И к ней – Тамаре Ивановне никакой почтительности не проявляет. Позвонит раз в год, с днем рождения поздравит и все. От приглашений в гости под любым предлогом увиливает и к себе не зовет. Лизу, правда, отцу дает, не прячет. Но кому она нужна, Лиза то? Что путного от нее узнаешь? Так, маета одна: покорми, погуляй, подарок купи, в кино или на карусели своди, – одни расходы ненужные.

Для Маши во время её недолгого замужества семейные попойки были сущим кошмаром. Не окажись все эти неприятные люди волею случая её родственниками, она по доброй воле никогда в жизни не стала бы с ними общаться. Маша оказалась в ловушке. С одной стороны, всю эту жадную и голодную свору, небезуспешно пытающуюся ей помыкать, она терпеть не могла. С другой стороны, это единственные кровные родственники ее дочери, и переругаться с ними в пух и прах Маша опасалась. Мало ли как жизнь повернется. Вдруг Маша завтра попадет под машину. Тогда Лиза окажется на попечении отца и, главное, свекрови, чьё плохое отношение к матери будет проецироваться и на дочь. А другой родни у Лизы нет. Теперь уж это точно.

Поэтому, скрипя зубами, со свекровью Маша разговаривала вежливо. Та сразу взяла быка за рога.

«Надеюсь, с следующую субботу праздник начнется не слишком поздно. Часа в четыре нам было бы удобно. Раньше сядешь – раньше выйдешь, как говорится. И не покупай водку, дорогая. Лишние расходы. Мы лучше самогоночки привезем – продукт домашний, проверенный. А если не будет хватать стульев, предупреди заранее. Паша может завезти тебе недостающие в пятницу вечером. И обязательно приготовь тот салат с рыбой. Все забываю взять у тебя рецепт. Так что с подарком, Маша? Я думаю о чем-нибудь полезном. У Лизы есть зимние сапоги?» – закончила вопросом свой монолог свекровь, во время которого Маша не смогла вставить и слова.

«Зимние сапоги у Лизы есть, спасибо, Тамара Ивановна,» – начала Маша и, набрав воздуха в грудь продолжила. – «Но мы с Лизой не планировали ничего особенного.»

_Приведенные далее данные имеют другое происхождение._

(* Let $q$ be a prime power, $k\ge1$ and $n\ge 2k+1$. If $\mathcal{L}$ is a Cameron-Liebler $k$-set of $\mathrm{AG}(n,q)$ with parameter $x=1$, then $\mathcal{L}$ consists of all affine $k$-spaces through some fixed affine point.
   Context: $\mathrm{AG}(n,q)$ is $\mathrm{PG}(n,q)$ with a hyperplane $\pi_\infty$ removed; affine points are points outside $\pi_\infty$, affine $k$-spaces are $k$-dimensional projective subspaces not contained in $\pi_\infty$. With $A_n$ the incidence matrix of affine points versus affine $k$-spaces, a set $\mathcal{L}$ of affine $k$-spaces is a Cameron-Liebler $k$-set of $\mathrm{AG}(n,q)$ if its characteristic vector lies in the real row space $\mathrm{Im}(A_n^T)$; its parameter is $|\mathcal{L}|/\left[{n\atop k}\right]_q$ with $\left[{a\atop b}\right]_q=\frac{(q^a-1)\cdots(q^{a-b+1}-1)}{(q^b-1)\cdots(q-1)}$. *)

From HB Require Import structures.
From mathcomp Require Import all_boot all_order all_algebra.
From mathcomp Require Import reals.
Set Implicit Arguments. Unset Strict Implicit. Unset Printing Implicit Defensive.
Import Order.TTheory GRing.Theory Num.Theory.
Local Open Scope ring_scope.

(* PG(n,q) is modelled on the vector space V = F^(n+1) ('rV[F]_(n.+1)),
   F a finite field with q = #|F| elements.  A projective d-space is a
   (d+1)-dimensional vector subspace, represented by its set of vectors. *)

Section AG.
Variables (F : finFieldType) (n : nat).
Local Notation V := 'rV[F]_(n.+1).

Definition vsubspace (d : nat) (S : {set V}) : bool :=
  [exists M : 'M[F]_(d, n.+1),
     (\rank M == d) && (S == [set v : V | (v <= M)%MS])].

Definition pi_inf : {set V} := [set v : V | v ord0 ord0 == 0].

Definition affine_space (k : nat) (S : {set V}) : bool :=
  vsubspace k.+1 S && ~~ (S \subset pi_inf).

Definition affine_point (P : {set V}) : bool := affine_space 0 P.

(* L is a Cameron-Liebler k-set: L is a set of affine k-spaces whose
   characteristic vector lies in the real row space Im(A_n^T), where
   A_n is the incidence matrix affine points x affine k-spaces;
   i.e. chi_L = A_n^T y for some real vector y indexed by affine points. *)
Definition cameron_liebler (R : realType) (k : nat) (L : {set {set V}}) : Prop :=
  (forall K, K \in L -> affine_space k K) /\
  exists y : {set V} -> R,
    forall K, affine_space k K ->
      ((K \in L)%:R : R) = \sum_(P | affine_point P && (P \subset K)) y P.

End AG.

Definition qbinom (R : realType) (q a b : nat) : R :=
  \prod_(i < b) (((q ^ (a - i))%:R - 1) / ((q ^ i.+1)%:R - 1)).

Definition cl_parameter (R : realType) (F : finFieldType) (n k : nat)
  (L : {set {set 'rV[F]_(n.+1)}}) : R :=
  (#|L|%:R) / qbinom R #|F| n k.

Arguments vsubspace {F n} d S.
Arguments pi_inf {F n}.
Arguments affine_space {F n} k S.
Arguments affine_point {F n} P.
Arguments cameron_liebler {F n} R k L.
Arguments cl_parameter R {F} n k L.

From HB Require Import structures.
From mathcomp Require Import all_boot all_order all_algebra.
From mathcomp Require Import reals zify.
Set Implicit Arguments. Unset Strict Implicit. Unset Printing Implicit Defensive.
Import Order.TTheory GRing.Theory Num.Theory.
Local Open Scope ring_scope.

(* Write V = F^(n+1) and H for the hyperplane at infinity, so that an affine
   k-space is a (k+1)-dimensional subspace B not contained in H, and B :&: H
   is its (k-1)-space at infinity.  Summing the equations chi_L = A_n^T y
   over all affine k-spaces shows that the weights y sum to 1 when the
   parameter is 1.  Summing them over the affine k-spaces K with W <= K <= U,
   for a k-dimensional W <= H, gives the sum of the y_P with P <= U, which
   does not depend on W.  Taking U = V, every parallel class contains exactly
   one member A W of L; taking U = A W1 + W2, the members A W1 and A W2 meet
   in an affine point whenever W1 :&: W2 has codimension 1 in W1.  An
   induction on k, lowering the dimension by intersecting the spaces A W over
   the covers of a fixed subspace of H, then shows that all the A W pass
   through one affine point p, and L is the star of p. *)

Section RankFacts.
Variables (F : fieldType) (N : nat).

Lemma submx_by_rank m1 m2 (A : 'M[F]_(m1, N)) (B : 'M[F]_(m2, N)) :
  (A <= B)%MS -> (\rank B <= \rank A)%N -> (B <= A)%MS.
Proof. by move=> sAB; rewrite (geq_leqif (mxrank_leqif_sup sAB)). Qed.

Lemma mxrank_adds_row m (Y : 'M[F]_(m, N)) (v : 'rV[F]_N) :
  \rank (Y + v)%MS = if (v <= Y)%MS then \rank Y else (\rank Y).+1.
Proof.
case: ifP => vY.
  by apply/eqmx_rank/andP; rewrite addsmx_sub submx_refl vY addsmxSl.
have ltY : (\rank Y < \rank (Y + v))%N.
  by rewrite (ltn_leqif (mxrank_leqif_sup (addsmxSl Y v))) addsmx_sub vY andbF.
have ltv : (\rank (Y :&: v)%MS < \rank v)%N.
  by rewrite (ltn_leqif (mxrank_leqif_sup (capmxSr Y v))) sub_capmx vY.
have := mxrank_sum_cap Y v; have := rank_leq_row v; lia.
Qed.

Lemma exists_submx_rank (W : 'M[F]_N) r : (r <= \rank W)%N ->
  exists2 T : 'M[F]_N, \rank T = r & (T <= W)%MS.
Proof.
move=> le_rW; exists (pid_mx r *m row_base W).
  by rewrite mxrankMfree ?row_base_free // rank_pid_mx // (leq_trans le_rW (rank_leq_col W)).
by apply: submx_trans (submxMl _ _) _; rewrite eq_row_base.
Qed.

Section Covers.
Variables (m1 m2 m3 : nat) (X : 'M[F]_(m1, N)) (Y : 'M[F]_(m2, N)) (Z : 'M[F]_(m3, N)).
Hypotheses (sXY : (X <= Y)%MS) (sXZ : (X <= Z)%MS).
Hypotheses (rkY : \rank Y = (\rank X).+1) (rkZ : \rank Z = (\rank X).+1).
Hypothesis neYZ : ~~ (Y == Z)%MS.

Lemma mxrank_cap_covers : \rank (Y :&: Z)%MS = \rank X.
Proof.
have ltYZ : (\rank Y < \rank (Y + Z))%N.
  rewrite (ltn_leqif (mxrank_leqif_sup (addsmxSl Y Z))) addsmx_sub submx_refl /=.
  by apply: contra neYZ => sZY; rewrite sZY submx_by_rank // rkY rkZ.
have := mxrank_sum_cap Y Z; have := rank_leq_col (Y + Z)%MS.
have : (\rank X <= \rank (Y :&: Z))%N by rewrite mxrankS // sub_capmx sXY sXZ.
lia.
Qed.

Lemma capmx_covers : (Y :&: Z <= X)%MS.
Proof.
by apply: submx_by_rank; rewrite ?mxrank_cap_covers // sub_capmx sXY sXZ.
Qed.

Lemma mxrank_adds_covers : \rank (Y + Z)%MS = (\rank X).+2.
Proof. by have := mxrank_sum_cap Y Z; rewrite mxrank_cap_covers rkY rkZ; lia. Qed.

End Covers.
End RankFacts.

Section Hyperplane.
Variables (F : fieldType) (n : nat) (H : 'M[F]_(n.+1)).
Hypothesis rkH : \rank H = n.
Local Notation M := 'M[F]_(n.+1).

Lemma mxrank_cap_hyperplane m (X : 'M[F]_(m, n.+1)) : ~~ (X <= H)%MS ->
  (\rank (X :&: H)%MS).+1 = \rank X.
Proof.
move=> nXH; have ltH : (\rank H < \rank (X + H))%N.
  by rewrite (ltn_leqif (mxrank_leqif_sup (addsmxSr X H))) addsmx_sub negb_and nXH.
have := mxrank_sum_cap X H; have := rank_leq_col (X + H)%MS; lia.
Qed.

Lemma capmx_hyperplane_sub m1 m2 (B : 'M[F]_(m1, n.+1)) (T : 'M[F]_(m2, n.+1)) :
  \rank B = (\rank T).+1 -> (T <= B)%MS -> (T <= H)%MS -> ~~ (B <= H)%MS ->
  (B :&: H <= T)%MS.
Proof.
move=> rkB sTB sTH nBH; apply: submx_by_rank; first by rewrite sub_capmx sTB sTH.
by have := mxrank_cap_hyperplane nBH; rewrite rkB => -[->].
Qed.

Lemma cap_notin_hyperplane r m1 m2 m3 m4 (B1 : 'M[F]_(m1, n.+1))
    (B2 : 'M[F]_(m2, n.+1)) (T1 : 'M[F]_(m3, n.+1)) (T2 : 'M[F]_(m4, n.+1)) :
  \rank B1 = r.+1 -> \rank B2 = r.+1 -> (\rank (B1 + B2)%MS <= r.+2)%N ->
  (B1 :&: H <= T1)%MS -> (B2 :&: H <= T2)%MS -> (\rank (T1 :&: T2)%MS < r)%N ->
  ~~ (B1 :&: B2 <= H)%MS.
Proof.
move=> rkB1 rkB2 rkB12 sT1 sT2 rkT12; apply/negP => sBH.
have sBT : (B1 :&: B2 <= T1 :&: T2)%MS.
  rewrite sub_capmx; apply/andP; split.
    by apply: submx_trans sT1; rewrite sub_capmx capmxSl sBH.
  by apply: submx_trans sT2; rewrite sub_capmx capmxSr sBH.
have := mxrankS sBT; have := mxrank_sum_cap B1 B2; rewrite rkB1 rkB2.
by clear -rkB12 rkT12; lia.
Qed.

(* A subspace of rank r + 1 is a projective r-space: it lies at infinity when
   it is contained in H, and is an affine r-space otherwise. *)
Definition covers (T W : M) : bool :=
  [&& \rank W == (\rank T).+1, (W <= H)%MS & (T <= W)%MS].

Definition extends_affinely k (A : M -> M) : Prop :=
  forall W : M, \rank W = k -> (W <= H)%MS ->
    [/\ \rank (A W) = k.+1, (W <= A W)%MS & ~~ (A W <= H)%MS].

Definition adjacent_meet_affinely k (A : M -> M) : Prop :=
  forall W1 W2 : M, \rank W1 = k -> \rank W2 = k -> (W1 <= H)%MS -> (W2 <= H)%MS ->
    \rank (W1 :&: W2)%MS = k.-1 -> ~~ ((A W1 :&: A W2)%MS <= H)%MS.

Lemma exists_cover_outside (T X : M) : (T <= X)%MS -> (X <= H)%MS ->
  (\rank X < n)%N -> exists2 W, covers T W & ~~ (W <= X)%MS.
Proof.
move=> sTX sXH ltX; have /row_subPn[i nHiX] : ~~ (H <= X)%MS.
  by apply/negP => /mxrankS; lia.
have nHiT : ~~ (row i H <= T)%MS by apply: contra nHiX => /submx_trans; apply.
exists (T + row i H)%MS; last by apply: contra nHiX; apply: submx_trans (addsmxSr _ _).
by rewrite /covers mxrank_adds_row (negbTE nHiT) eqxx addsmx_sub
  (submx_trans sTX sXH) row_sub addsmxSl.
Qed.

Section Concurrency.
Variables (t : nat) (A : M -> M) (T : M).
Hypotheses (rkT : \rank T = t) (sTH : (T <= H)%MS).
Hypotheses (A_ext : extends_affinely t.+1 A) (A_adj : adjacent_meet_affinely t.+1 A).

Lemma coversP W : covers T W -> [/\ \rank W = t.+1, (W <= H)%MS & (T <= W)%MS].
Proof. by case/and3P => /eqP; rewrite rkT. Qed.

Lemma mxrank_cap_cover W1 W2 : covers T W1 -> covers T W2 ->
  ~~ (W1 == W2)%MS -> \rank (W1 :&: W2)%MS = t.
Proof.
move=> /coversP[rk1 _ s1] /coversP[rk2 _ s2] ne.
by rewrite -rkT (mxrank_cap_covers s1 s2) ?rkT.
Qed.

Lemma mxrank_adds_cover W1 W2 : covers T W1 -> covers T W2 ->
  ~~ (W1 == W2)%MS -> \rank (W1 + W2)%MS = t.+2.
Proof.
move=> /coversP[rk1 _ s1] /coversP[rk2 _ s2] ne.
by rewrite -rkT (mxrank_adds_covers s1 s2) ?rkT.
Qed.

Lemma capmx_cover_planes W1 W2 W3 : covers T W1 -> covers T W2 -> covers T W3 ->
  ~~ (W1 == W2)%MS -> ~~ (W3 <= W1 + W2)%MS -> ((W1 + W2) :&: (W1 + W3) <= W1)%MS.
Proof.
move=> c1 c2 c3 ne12 nW3; have [rk1 _ _] := coversP c1.
have ne13 : ~~ (W1 == W3)%MS.
  by apply: contra nW3 => /andP[_ sW31]; apply: submx_trans sW31 (addsmxSl _ _).
apply: capmx_covers; rewrite ?addsmxSl ?mxrank_adds_cover ?rk1 //.
by apply: contra nW3 => /andP[_]; apply: submx_trans (addsmxSr _ _).
Qed.

Lemma mxrank_cap_extensions W1 W2 : covers T W1 -> covers T W2 -> ~~ (W1 == W2)%MS ->
  \rank (A W1 :&: A W2)%MS = t.+1 /\ (T <= A W1 :&: A W2)%MS.
Proof.
move=> c1 c2 ne; have rk12 := mxrank_cap_cover c1 c2 ne.
have [[rk1 sW1H sTW1] [rk2 sW2H sTW2]] := (coversP c1, coversP c2).
have [[rkA1 sWA1 nA1H] [rkA2 sWA2 nA2H]] := (A_ext rk1 sW1H, A_ext rk2 sW2H).
have sTA : (T <= A W1 :&: A W2)%MS.
  by rewrite sub_capmx (submx_trans sTW1) // (submx_trans sTW2).
split=> //; have nAH := A_adj rk1 rk2 sW1H sW2H rk12.
have cA1 : (A W1 :&: H <= W1)%MS by apply: capmx_hyperplane_sub; rewrite ?rkA1 ?rk1.
have cA2 : (A W2 :&: H <= W2)%MS by apply: capmx_hyperplane_sub; rewrite ?rkA2 ?rk2.
have sAW : ((A W1 :&: A W2) :&: H <= W1 :&: W2)%MS.
  rewrite sub_capmx; apply/andP; split.
    exact: submx_trans (capmxS (capmxSl _ _) (submx_refl H)) cA1.
  exact: submx_trans (capmxS (capmxSr _ _) (submx_refl H)) cA2.
have := mxrank_cap_hyperplane nAH; have := mxrankS sAW.
have : (t <= \rank ((A W1 :&: A W2) :&: H))%N by rewrite -rkT mxrankS // sub_capmx sTA.
rewrite rk12; clear; lia.
Qed.

Lemma adds_extensions_cap_hyperplane W1 W2 : covers T W1 -> covers T W2 ->
  ~~ (W1 == W2)%MS -> ((A W1 + A W2) :&: H <= W1 + W2)%MS.
Proof.
move=> c1 c2 ne; have [rkA12 _] := mxrank_cap_extensions c1 c2 ne.
have [[rk1 sW1H _] [rk2 sW2H _]] := (coversP c1, coversP c2).
have [[rkA1 sWA1 nA1H] [rkA2 sWA2 _]] := (A_ext rk1 sW1H, A_ext rk2 sW2H).
have nAH : ~~ (A W1 + A W2 <= H)%MS by rewrite addsmx_sub negb_and nA1H.
apply: submx_by_rank.
  by rewrite sub_capmx (addsmxS sWA1 sWA2) addsmx_sub sW1H sW2H.
have := mxrank_cap_hyperplane nAH; have := mxrank_sum_cap (A W1) (A W2).
rewrite (mxrank_adds_cover c1 c2 ne) rkA1 rkA2 rkA12; clear; lia.
Qed.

«Чушь,» – безапелляционно отмела свекровь. – «Нельзя лишать ребенка праздника.» От её менторского тона у Маши сводило скулы, будто от ведра кислых слив. Она выдохнула и вежливо, но непреклонно продолжила: «Я не лишаю ребенка праздника, Тамара Ивановна. Лиза пригласила подружек из детского сада. Как раз в субботу. Они поиграют, потанцуют, поедят сладостей. Для Лизы это будет гораздо интереснее и веселее, чем застолье со взрослыми.»

Свекровь фыркнула в трубку презрительно, словно лошадь, и привела последний аргумент: «Чепуха. Мария, ты лишаешь Лизу общения с отцом.»

«Вовсе нет, Тамара Ивановна, Паша может взять Лизу в воскресенье и отметить день рождения, а может прийти и поздравить в субботу, заодно поможет мне управиться с детьми. А потом мы с ним посидим на кухне, выпьем чаю и обсудим, в какую школу отдавать Лизу. Давно пора это сделать. Сейчас ведь сложно попасть в хорошую школу, нужно где-то там записываться, да ночами в очереди стоять,» – методично расправлялась с «хотелками» свекрови Маша, получая даже некоторое злорадное удовольствие от происходящего. Лучший способ избавиться от Тамары Ивановны – загрузить ее своими проблемами. Ни один из предложенных вариантов её, разумеется, не устроил.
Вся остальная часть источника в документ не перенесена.